DEAR MAYO CLINIC: My daughter, who is in her early 20s, was diagnosed with narcolepsy nine months ago. Her primary care doctor prescribed stimulants, but they make her very jittery and don’t eliminate all of her symptoms. Is this the only treatment available? Should she see a specialist?woman trying to stay awake behind a car wheel, sleep deprivation

ANSWER: The sleep disorder narcolepsy is a lifelong condition often treated with potent medications. Because of that, it is essential that anyone suspected of having narcolepsy be carefully evaluated by a sleep medicine specialist to arrive at a diagnosis. I recommend your daughter seek testing with such a specialist. If her diagnosis of narcolepsy is confirmed, the sleep medicine specialist can work with her to create a treatment plan that best fits her needs.

Narcolepsy is a chronic sleep disorder characterized by overwhelming daytime drowsiness and sudden attacks of sleep. About 70 percent of people with narcolepsy also experience a symptom known as cataplexy — sudden muscle weakness that follows a positive emotional reaction, especially laughter.

Symptoms of narcolepsy often begin between the ages of 10 and 30. The exact cause of this disorder is not known. But it is usually connected to a brain chemical called hypocretin that helps regulate wakefulness and sleep. Many people with narcolepsy have low levels of hypocretin in their spinal fluid.

Accurately diagnosing narcolepsy requires evaluation by a sleep medicine specialist. Testing for the disorder includes a polysomnogram. For this test, your daughter would need to stay overnight at a sleep center. The polysomnogram measures a variety of signals during sleep using electrodes placed on the scalp and elsewhere on the body. The test measures the electrical activity of the brain and heart, monitors breathing, and measures muscle and eye movement during sleep.

Testing also includes a set of daytime nap studies known as a multiple sleep latency test. It would measure how long it takes your daughter to fall asleep during the day. In addition to these tests, a sleep medicine specialist would talk with your daughter about her sleep history and habits. She also may be asked to keep a detailed record of her sleep patterns for several weeks.

If testing verifies your daughter’s narcolepsy diagnosis, then her specialist can help develop an appropriate treatment plan. In many cases, treatment usually starts with a mild stimulant such as modafinil. If that does not provide enough symptom control, then a stronger stimulant, such as methylphenidate or amphetamines, may be needed. These stronger drugs are typically given in controlled-release form to avoid peaks of over-stimulation and the jitteriness you mention.

If the stimulants are not effective, or if their side effects are not acceptable, then an alternative for some people is the medication sodium oxybate. This medication can be highly effective for cataplexy. It usually helps improve nighttime sleep, as well, which is often poor in people who have narcolepsy. There can be serious side effects with this drug, however, including nausea, bed-wetting and sleepwalking.

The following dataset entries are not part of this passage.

Lemma finite_moments_geom_tail (p : Z -> R) (rho : R) (n0 : nat) : 0 <= rho < 1 ->
  (forall d, (Z.of_nat n0 <= d)%Z -> p d = 0) ->
  (forall j, 0 <= p (- Z.of_nat j)%Z <= rho ^ j) ->
  finite_moments p.
Proof.
  intros Hr Hpos Hneg.
  assert (Hk : forall k, (k <= 2)%nat -> zsummable (fun d => IZR d ^ k * p d)).
  { intros k Hk. split.
    - apply (ex_series_incr_n _ n0), (ex_series_ext (fun _ => 0)); [|exact ex_series_0].
      intros j. rewrite Hpos by lia. symmetry; apply Rmult_0_r.
    - refine (@ex_series_le _ R_CompleteNormedModule _ _ _ (ex_series_square_geom rho Hr)).
      intros j. change norm with Rabs.
      destruct (Hneg (S j)) as [H0 H1].
      assert (Hj : 1 <= INR (S j)) by (rewrite S_INR; pose proof (pos_INR j); lra).
      assert (Hx : Rabs (IZR (- Z.of_nat (S j))) = INR (S j))
        by (rewrite opp_IZR, <- INR_IZR_INZ, Rabs_Ropp; apply Rabs_pos_eq, pos_INR).
      assert (Hrj : 0 <= rho ^ j) by (apply pow_le; lra).
      assert (Hpow : INR (S j) ^ k <= INR (S j) ^ 2) by (apply Rle_pow; lia || lra).
      rewrite Rabs_mult, <- RPow_abs, Hx, (Rabs_pos_eq (p _)) by lra.
      rewrite (S_INR (S j)). set (x := INR (S j)) in *.
      change (rho ^ S j) with (rho * rho ^ j) in H1.
      apply Rle_trans with (x ^ 2 * (rho * rho ^ j)).
      + apply Rmult_le_compat; [apply pow_le; lra | lra | exact Hpow | exact H1].
      + assert (x ^ 2 * rho <= x * (x + 1)) by (simpl; nra). nra. }
  split; [|split].
  - apply (zsummable_ext _ _ (fun d => Rmult_1_l _)), (Hk 0%nat); lia.
  - apply (zsummable_ext _ _ (fun d => f_equal (fun x => x * p d) (pow_1 (IZR d)))).
    apply (Hk 1%nat); lia.
  - apply Hk; lia.
Qed.

Lemma finite_moments_dirac0 : finite_moments dirac0.
Proof.
  apply (finite_moments_geom_tail _ 0 1); [lra| |].
  - intros d Hd. unfold dirac0. destruct (Z.eqb_spec 0 d); [lia|reflexivity].
  - intros [|j]; unfold dirac0; [simpl; lra|].
    destruct (Z.eqb_spec 0 (- Z.of_nat (S j))); [lia|]. simpl; lra.
Qed.

Lemma mass_dirac0 : mass dirac0 = 1.
Proof.
  destruct finite_moments_dirac0 as [[Hp _] _].
  unfold mass, zsum. rewrite (Series_incr_1 _ Hp).
  rewrite (Series_ext (fun k => dirac0 (Z.of_nat (S k))) (fun _ => 0 * 0)),
    (Series_ext (fun j => dirac0 (- Z.of_nat (S j))%Z) (fun _ => 0 * 0)), !Series_scal_l
    by (intros; unfold dirac0; rewrite (proj2 (Z.eqb_neq _ _)) by lia; ring).
  unfold dirac0; simpl; ring.
Qed.

Lemma mean_dirac0 : mean dirac0 = 0.
Proof.
  unfold mean. rewrite (zsum_ext _ (fun _ => 0 * 0)), zsum_scal by
    (intros d; unfold dirac0; destruct (Z.eqb_spec 0 d); [subst; simpl|]; ring).
  ring.
Qed.

(** * Digit sums and the laws mu^(r) *)

Fixpoint digsum_trunc (b K n : nat) : nat :=
  match K with
  | O => O
  | S K => (n mod b + digsum_trunc b K (n / b))%nat
  end.

Lemma digsum_trunc_seq b K s n :
  fold_right Nat.add 0%nat (map (fun k => ((n / b ^ k) mod b)%nat) (seq s K))
  = digsum_trunc b K (n / b ^ s).
Proof.
  revert s; induction K as [|K IH]; intros s; simpl; [reflexivity|].
  rewrite IH, Nat.Div0.div_div, (Nat.mul_comm (b ^ s)); reflexivity.
Qed.

Lemma digsum_trunc_0 b K : digsum_trunc b K 0 = 0%nat.
Proof.
  induction K as [|K IH]; simpl; [reflexivity|].
  now rewrite Nat.Div0.mod_0_l, Nat.Div0.div_0_l, IH.
Qed.

Lemma digsum_trunc_add b K j n :
  (n < b ^ K)%nat -> digsum_trunc b (K + j) n = digsum_trunc b K n.
Proof.
  revert n; induction K as [|K IH]; intros n Hn; simpl in *.
  - replace n with 0%nat by lia. now rewrite !digsum_trunc_0.
  - rewrite IH; [reflexivity|]. apply Nat.Div0.div_lt_upper_bound; lia.
Qed.

Section FixedBase.

Local Open Scope nat_scope.

Variable b : nat.
Hypothesis hb : 2 <= b.

Lemma digsum_trunc_eq K n : n < b ^ K -> digsum b n = digsum_trunc b K n.
Proof.
  intros Hn.
  assert (Hn' : n < b ^ S n) by (pose proof (Nat.pow_gt_lin_r b (S n)); lia).
  unfold digsum; rewrite digsum_trunc_seq, Nat.pow_0_r, Nat.div_1_r.
  rewrite <- (digsum_trunc_add b (S n) K n Hn'), <- (digsum_trunc_add b K (S n) n Hn).
  f_equal; lia.
Qed.

Lemma digsum_mul_add q u : u < b -> digsum b (b * q + u) = digsum b q + u.
Proof.
  intros Hu.
  assert (Hq : q < b ^ q) by (apply Nat.pow_gt_lin_r; lia).
  rewrite (digsum_trunc_eq q q Hq), (digsum_trunc_eq (S q)) by (simpl; nia); simpl.
  rewrite <- (Nat.div_unique (b * q + u) b q u), <- (Nat.mod_unique (b * q + u) b q u) by lia.
  lia.
Qed.

Lemma digsum_0 : digsum b 0 = 0.
Proof. unfold digsum; simpl; now rewrite Nat.Div0.mod_0_l. Qed.

Lemma digsum_lt u : u < b -> digsum b u = u.
Proof.
  intros Hu. rewrite <- (Nat.add_0_l u) at 1. rewrite <- (Nat.mul_0_r b).
  now rewrite digsum_mul_add, digsum_0.
Qed.

Lemma digsum_pow_mul_add K q u :
  u < b ^ K -> digsum b (b ^ K * q + u) = digsum b q + digsum b u.
Proof.
  revert q u; induction K as [|K IH]; intros q u Hu.
  - replace u with 0 by (simpl in Hu; lia).
    now rewrite digsum_0, Nat.pow_0_r, Nat.mul_1_l, !Nat.add_0_r.
  - assert (Hb0 : b <> 0) by lia.
    pose proof (Nat.div_mod u b Hb0) as Hd.
    pose proof (Nat.mod_upper_bound u b Hb0).
    assert (u / b < b ^ K) by (apply Nat.Div0.div_lt_upper_bound; simpl in Hu; lia).
    replace (b ^ S K * q + u) with (b * (b ^ K * q + u / b) + u mod b)
      by (rewrite Hd at 3; simpl; ring).
    rewrite digsum_mul_add, IH by assumption.
    rewrite Hd at 3. rewrite digsum_mul_add by assumption. lia.
Qed.

Lemma digsum_succ_le n : digsum b (n + 1) <= digsum b n + 1.
Proof.
  induction n as [n IH] using (well_founded_induction lt_wf).
  assert (Hb0 : b <> 0) by lia.
  pose proof (Nat.div_mod n b Hb0) as Hd.
  pose proof (Nat.mod_upper_bound n b Hb0).
  destruct (Nat.lt_ge_cases (n mod b) (b - 1)).
  - rewrite Hd, <- Nat.add_assoc, !digsum_mul_add by lia. lia.
  - replace (n + 1) with (b * (n / b + 1) + 0) by lia.
    rewrite Hd at 2. rewrite !digsum_mul_add by lia.
    assert (IHq := IH (n / b) ltac:(apply Nat.div_lt; lia)). lia.
Qed.

Lemma pow_b_pos K : 0 < b ^ K.
Proof. apply Nat.neq_0_lt_0, Nat.pow_nonzero; lia. Qed.

Lemma lt_pow_b r : r < b ^ r.
Proof. apply Nat.pow_gt_lin_r; lia. Qed.

Lemma carry_cases (P : nat -> Prop) K u r0 :
  u < b ^ K -> r0 <= b ^ K -> P 0 -> P 1 -> P ((u + r0) / b ^ K).
Proof.
  intros Hu Hr H0 H1.
  assert ((u + r0) / b ^ K < 2) by (apply Nat.Div0.div_lt_upper_bound; lia).
  destruct ((u + r0) / b ^ K) as [|[|c]]; [exact H0|exact H1|lia].
Qed.

Definition Delta_low (B r u : nat) : Z :=
  (Z.of_nat (digsum b ((u + r) mod B)) - Z.of_nat (digsum b u))%Z.

Lemma Delta_pow_mul_add K r1 r0 q u : u < b ^ K ->
  Delta b (b ^ K * r1 + r0) (b ^ K * q + u)
  = (Delta b (r1 + (u + r0) / b ^ K)%nat q + Delta_low (b ^ K) r0 u)%Z.
Proof.
  intros Hu. unfold Delta, Delta_low.
  pose proof (Nat.mod_upper_bound (u + r0) (b ^ K) ltac:(pose proof (pow_b_pos K); lia)).
  replace (b ^ K * q + u + (b ^ K * r1 + r0))
    with (b ^ K * (q + (r1 + (u + r0) / b ^ K)) + (u + r0) mod b ^ K)
    by (pose proof (Nat.div_mod_eq (u + r0) (b ^ K)); lia).
  rewrite !digsum_pow_mul_add by assumption. lia.
Qed.

Lemma Delta_0 n : Delta b 0 n = 0%Z.
Proof. unfold Delta. rewrite Nat.add_0_r. lia. Qed.

Lemma Delta_1_le n : (Delta b 1 n <= 1)%Z.
Proof. unfold Delta. pose proof (digsum_succ_le n). lia. Qed.

Lemma Delta_low_succ_lt u : u + 1 < b -> Delta_low b 1 u = 1%Z.
Proof.
  intros Hu. unfold Delta_low.
  rewrite Nat.mod_small, !digsum_lt by lia. lia.
Qed.

Lemma Delta_low_succ_pred : Delta_low b 1 (b - 1) = (1 - Z.of_nat b)%Z.
Proof.
  unfold Delta_low. rewrite Nat.sub_add, Nat.Div0.mod_same, digsum_0, digsum_lt by lia. lia.
Qed.

Lemma Delta_1_mul_add q u : u < b ->
  Delta b 1 (b * q + u) = (Delta b ((u + 1) / b) q + Delta_low b 1 u)%Z.
Proof.
  intros Hu. pose proof (Delta_pow_mul_add 1 0 1 q u) as H.
  rewrite Nat.pow_1_r, Nat.mul_0_r in H. apply H, Hu.
Qed.

Lemma Delta_low_pred_mul K q : q < b ^ K ->
  Delta_low (b ^ S K) (b ^ S K - 1) (b * q)
  = (Delta_low (b ^ K) (b ^ K - 1) q + Z.of_nat (b - 1))%Z.
Proof.
  intros Hq. unfold Delta_low. rewrite Nat.pow_succ_r'.
  pose proof (pow_b_pos K).
  set (a := b * q + (b * b ^ K - 1)).
  assert (Ha : a = b * (q + (b ^ K - 1)) + (b - 1)) by (unfold a; nia).
  rewrite Nat.Div0.mod_mul_r, Ha.
  rewrite <- (Nat.div_unique _ b (q + (b ^ K - 1)) (b - 1)),
    <- (Nat.mod_unique _ b (q + (b ^ K - 1)) (b - 1))
    by lia.
  rewrite Nat.add_comm, digsum_mul_add by lia.
  rewrite <- (Nat.add_0_r (b * q)), digsum_mul_add by lia. lia.
Qed.

Lemma Delta_low_pred_mul_add K q v : q < b ^ K -> 0 < v < b ->
  Delta_low (b ^ S K) (b ^ S K - 1) (b * q + v) = (-1)%Z.
Proof.
  intros Hq Hv. unfold Delta_low. rewrite Nat.pow_succ_r'.
  replace (b * q + v + (b * b ^ K - 1)) with (b * q + (v - 1) + 1 * (b * b ^ K)) by nia.
  rewrite Nat.Div0.mod_add, Nat.mod_small by nia.
  rewrite !digsum_mul_add by lia. lia.
Qed.

Local Open Scope R_scope.

Lemma INR_b_ge_2 : 2 <= INR b.
Proof. replace 2 with (INR 2) by (simpl; lra). apply le_INR, hb. Qed.

Lemma inv_b_bounds : 0 < / INR b <= / 2.
Proof.
  pose proof INR_b_ge_2.
  split; [apply Rinv_0_lt_compat|apply Rinv_le_contravar]; lra.
Qed.

Lemma mu_of_density r d l : has_density (fun n => Z.eqb (Delta b r n) d) l -> mu b r d = l.
Proof.
  intros H. unfold has_density, count in H. unfold mu, cnt.
  now rewrite (is_lim_seq_unique _ _ H).
Qed.

Lemma has_distribution_mu r p :
  has_distribution (Delta b r) p -> has_distribution (Delta b r) (mu b r).
Proof. intros H d. rewrite (mu_of_density r d (p d) (H d)). apply H. Qed.

Lemma has_distribution_Delta_0_dirac0 : has_distribution (Delta b 0) dirac0.
Proof.
  intros d. apply (has_density_ext (fun _ => Z.eqb 0 d)); [|apply has_distribution_const0].
  intros n; now rewrite Delta_0.
Qed.

Lemma has_distribution_Delta_0 : has_distribution (Delta b 0) (mu b 0).
Proof. apply (has_distribution_mu 0 dirac0), has_distribution_Delta_0_dirac0. Qed.

Lemma mu_0 d : mu b 0 d = dirac0 d.
Proof. apply mu_of_density, has_distribution_Delta_0_dirac0. Qed.

Lemma has_density_Delta_1_gt d : (1 < d)%Z -> has_density (fun n => Z.eqb (Delta b 1 n) d) 0.
Proof.
  intros Hd. apply (has_density_ext (fun _ => false)); [|apply has_density_const].
  intros n. symmetry. apply Z.eqb_neq. pose proof (Delta_1_le n). lia.
Qed.

(* Induction on [1 - d]: a carry out of the last digit lowers [Delta b 1] by [b - 1]. *)
Lemma has_distribution_Delta_1 : has_distribution (Delta b 1) (mu b 1).
Proof.
  assert (Hex : forall k d, (1 - d < Z.of_nat k)%Z ->
            exists l, has_density (fun n => Z.eqb (Delta b 1 n) d) l).
  { induction k as [|k IH]; intros d Hd.
    - exists 0. apply has_density_Delta_1_gt; lia.
    - destruct (Z_lt_le_dec 1 d) as [Hd1|Hd1]; [exists 0; apply has_density_Delta_1_gt, Hd1|].
      destruct (IH (d + Z.of_nat (b - 1))%Z) as [l Hl]; [lia|].
      eexists.
      apply (has_density_blocks _ (fun u q => Z.eqb (Delta b ((u + 1) / b) q) (d - Delta_low b 1 u))
        b (fun u => if (u + 1 <? b)%nat then if Z.eqb 0 (d - 1) then 1 else 0 else l)); [lia| |].
      + intros q u Hu. rewrite Delta_1_mul_add by exact Hu.
        destruct (Z.eqb_spec (Delta b ((u + 1) / b) q + Delta_low b 1 u) d),
          (Z.eqb_spec (Delta b ((u + 1) / b) q) (d - Delta_low b 1 u)); auto; lia.
      + intros u Hu. destruct (Nat.ltb_spec (u + 1) b).
        * rewrite Delta_low_succ_lt, Nat.div_small by lia.
          apply (has_density_ext (fun _ => Z.eqb 0 (d - 1))); [|apply has_density_const].
          intros q; now rewrite Delta_0.
        * replace u with (b - 1)%nat by lia.
          rewrite Delta_low_succ_pred, Nat.sub_add, Nat.div_same by lia.
          revert Hl. apply has_density_ext. intros q. f_equal. lia. }
  intros d. destruct (Hex (S (Z.to_nat (1 - d))) d ltac:(lia)) as [l Hl].
  now rewrite (mu_of_density 1 d l Hl).
Qed.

The typical goal of narcolepsy treatment is to provide about an 80 percent improvement in alertness with minimal side effects. Once a person with narcolepsy is on a stable dose of medication with symptoms acceptably under control, the primary care provider can then take over further management with help as needed from the sleep medicine specialist.

Although there is no cure for narcolepsy, treatment that controls the disorder’s symptoms often can be quite effective. It allows most people with narcolepsy to lead productive and satisfying lives. Michael Silber, M.B., Ch.B., Center for Sleep Medicine, Mayo Clinic, Rochester, Minn.